Физиономия графа, вопреки ожиданиям Блудштейна, не только не расширилась в восторженно-счастливую улыбку, а напротив, разочарованно вытянулась, с видом замешательства и недоумения. — Как же так. Ведь он рассчитывал на три тысячи! Ему менее трех не обойтись! Конечно, он в высшей степени признателен достопочтеннейшему Абраму Осиповичу за его милостивое участие к нему и ходатайство, и, конечно, тысяча рублей все же лучше, чем ничего, но тем не менее, ему нужны именно три тысячи, — нужны до зарезу, — иначе, он погибший человек! Бога ради, нельзя ли исходатайствовать три!? Ведь как он и служил, как старался, как работал в интересах «Товарищества»: И неужели же «Товарищество», за всю его службу поскупится на какие-нибудь три тысячи?!
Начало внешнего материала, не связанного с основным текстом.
Lemma regret_L_def_le H h r : H h -> Rc r -> fin_measurable h ->
  inf_measurable (L_def experts) (H `*` Rc) -> inf_measurable (zero_one_bin (R:=R)) H ->
  inf_measurable (L_def_h experts h) Rc ->
  regret_gap P eta (L_def experts) (H `*` Rc) (h, r) <=
  regret_gap P eta zero_one_bin H h + regret_gap P eta (L_def_h experts h) Rc r.
Proof.
move=> Hh Rr mh im_def im_01 im_def_h; have lp := m_eta.1.
have HRc : (H `*` Rc) (h, r) by [].
have Z_ge0 (h' : X -> 'I_2) x y : (0 <= zero_one_bin (R:=R) h' x y)%R by rewrite ler0n.
have mZ : measurable_fun setT (cond_risk eta zero_one_bin h).
  apply: measurable_cond_risk => y; first exact: m_eta.2.
  exact: (measurable_fun_fin_measurable (fun t => (t != y)%:R) mh).
have mDh := measurable_risk_L_def_h mh Rr.
have Z_fin : exp_risk P eta zero_one_bin h < +oo.
  by apply: exp_risk_lty => // x y; rewrite ler0n lern1 leq_b1.
have Dh_fin := exp_risk_lty P lp (L_def_h_le1 h r) mDh.
rewrite (regret_gapE lp.1 (L_def_ge0 experts) HRc mDh (im_def _ m_eta) Dh_fin).
rewrite (regret_gapE lp.1 Z_ge0 Hh mZ (im_01 _ m_eta) Z_fin).
rewrite (regret_gapE lp.1 (@L_def_h_ge0 h) Rr mDh (im_def_h _ m_eta) Dh_fin).
have iZ := integrable_cond_regret lp.1 Z_ge0 Hh mZ (im_01 _ m_eta) Z_fin.
have iDh := integrable_cond_regret lp.1 (@L_def_h_ge0 h) Rr mDh (im_def_h _ m_eta) Dh_fin.
have iD := integrable_cond_regret lp.1 (L_def_ge0 experts) HRc mDh (im_def _ m_eta) Dh_fin.
rewrite -integralD_EFin //; apply: le_integral => //; first exact: integrableD.
by move=> x _; rewrite /= -EFinD lee_fin cond_regret_L_def_le.
Qed.

Variables (l2 : (X -> 'I_ne.+1 -> R) -> X -> 'I_ne.+1 -> R) (Gam : R -> R).
Hypotheses (ne_gt0 : (0 < ne)%N) (GamA : admissible_Gamma Gam)
  (cb2 : consistency_bound Rc l2 zero_one_multi Gam)
  (im_l2 : inf_measurable l2 Rc) (im_01 : inf_measurable zero_one_multi Rc)
  (m_l2 : forall r, Rc r -> forall k, measurable_fun setT (fun x => l2 r x k))
  (l2_ge0 : forall r x k, (0 <= l2 r x k)%R).

Let measurable_risk_L_surr h r : fin_measurable h -> Rc r ->
  measurable_fun setT (cond_risk eta (L_surr experts l2 h) r).
Proof.
move=> mh Rr; apply: measurable_cond_risk => y; first exact: m_eta.2.
exact: measurable_L_surr mh (m_l2 Rr).
Qed.

Let L_surr_ge0 h r x y : (0 <= L_surr experts l2 h r x y)%R.
Proof. by rewrite L_surrE; apply: sumr_ge0 => k _; rewrite mulr_ge0. Qed.

Lemma regret_L_surr_ge0 h r : fin_measurable h -> Rc r ->
  inf_measurable (L_surr experts l2 h) Rc -> exp_risk P eta (L_surr experts l2 h) r < +oo ->
  0 <= regret_gap P eta (L_surr experts l2 h) Rc r.
Proof.
move=> mh Rr im_surr S_fin.
exact (regret_gap_ge0 m_eta.1.1 (@L_surr_ge0 h) Rr (measurable_risk_L_surr mh Rr)
  (im_surr _ m_eta) S_fin).
Qed.

Lemma regret_L_def_h_le h r : fin_measurable h -> Rc r ->
  inf_measurable (L_def_h experts h) Rc -> inf_measurable (L_surr experts l2 h) Rc ->
  exp_risk P eta (L_surr experts l2 h) r < +oo ->
  regret_gap P eta (L_def_h experts h) Rc r <=
  (ne%:R * Gam (fine (regret_gap P eta (L_surr experts l2 h) Rc r) / ne%:R))%:E.
Proof.
move=> mh Rr im_def_h im_surr S_fin; have lp := m_eta.1.
have S_ge0 := @L_surr_ge0 h; have mS := measurable_risk_L_surr mh Rr.
have mDh := measurable_risk_L_def_h mh Rr.
have Dh_fin := exp_risk_lty P lp (L_def_h_le1 h r) mDh.
rewrite (regret_gapE lp.1 (@L_def_h_ge0 h) Rr mDh (im_def_h _ m_eta) Dh_fin).
rewrite (regret_gapE lp.1 S_ge0 Rr mS (im_surr _ m_eta) S_fin).
have ne_pos : (0 < ne%:R :> R)%R by rewrite ltr0n.
have iDh := integrable_cond_regret lp.1 (@L_def_h_ge0 h) Rr mDh (im_def_h _ m_eta) Dh_fin.
have iS := integrable_cond_regret lp.1 S_ge0 Rr mS (im_surr _ m_eta) S_fin.
apply: (integral_le_Gamma_integral (admissible_Gamma_scale GamA ne_pos)) => // x.
  exact: cond_regret_ge0 lp.1 S_ge0 Rr x.
exact: cond_regret_L_def_h_le.
Qed.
— Н-ну, так и быть! Я вам прибавляю еще одна тысяча от себя! Не пищите! — согласился, наконец, махнув рукой, Блудштейн. Но в снисходительно милостивом и, в то же время, пренебрежительном тоне, каким были произнесены эти слова, сказалось нечто жестоко оскорбительное для самолюбия Каржоля. — О! Не нуждайся он в такой степени в деньгах, он показал бы этому хаму, как говорить с собой подобным тоном!
Но — нужда его проклятая… Что поделаешь! Надо глотать обиду и улыбаться, кланяться и благодарить! — И Каржоль улыбался.
— Вот ассигновка от «Товарищества», — продолжал, между тем, Блудштейн, достав из портфеля совсем уже готовый, подписанный бланк. — А вот зайчас и от меня чек напишу вам, но болше, пожалуста, не приставайте! Болше ни одна копейка! Вы и то нам сто пятьдесят тысячов стоите, — довольно с вас! Будет!
Каржоль только нервно сжимал ручку своего кресла, чтобы сдержать и перемочь внутри себя подымавшееся негодование и — нечего делать! — выслушивать все эти бесцеремонные выходки «зазнавшегося жида», скрепя сердце, да еще и с приятной улыбкой на лице, — дескать, ничего, дружеская шутка! Блудштейн, между тем, написал чек и, вырвав из тетрадки, присоединил его к «товарищеской ассигновке». Поднявшийся с места Каржоль уже протянул было к ним руку, как вдруг Абрам Иоселиович, заметивший это движение, поспешно прикрыл их на столе своей ладонью.
— Пазвольте! — внушительно остановил он графа. — На перод ви должны расписаться на вашем условию, что получили сполна все, что вам причиталось и, сверх того, двух тысяч в награда от «Товарищество», и никаких больше претензий до него не имеете.
— А как насчет моих… документов? — не совсем-то уверенно заикнулся граф.
— А вот сначала распишитесе, а там и получите, — не задержу, не бойтесь.
Ввиду соблазна, представляемого чеком и ассигновкой, по которым сейчас же можно получить нужные до зарезу деньги, Каржолю не оставалось ничего более, как беспрекословно исполнить волю Блудштейна, потому что, заспорь он еще теперь, — жид, пожалуй, рассердится, закапризничает и, чего доброго, возьмет назад свой чек, и тогда уже ничего с ним не поделаешь. Надо, стало быть, пользоваться редкой минутой его «великодушного» настроения, — и граф немедленно же написал на своем контракте все, что от него требовалось, и расписался под этим.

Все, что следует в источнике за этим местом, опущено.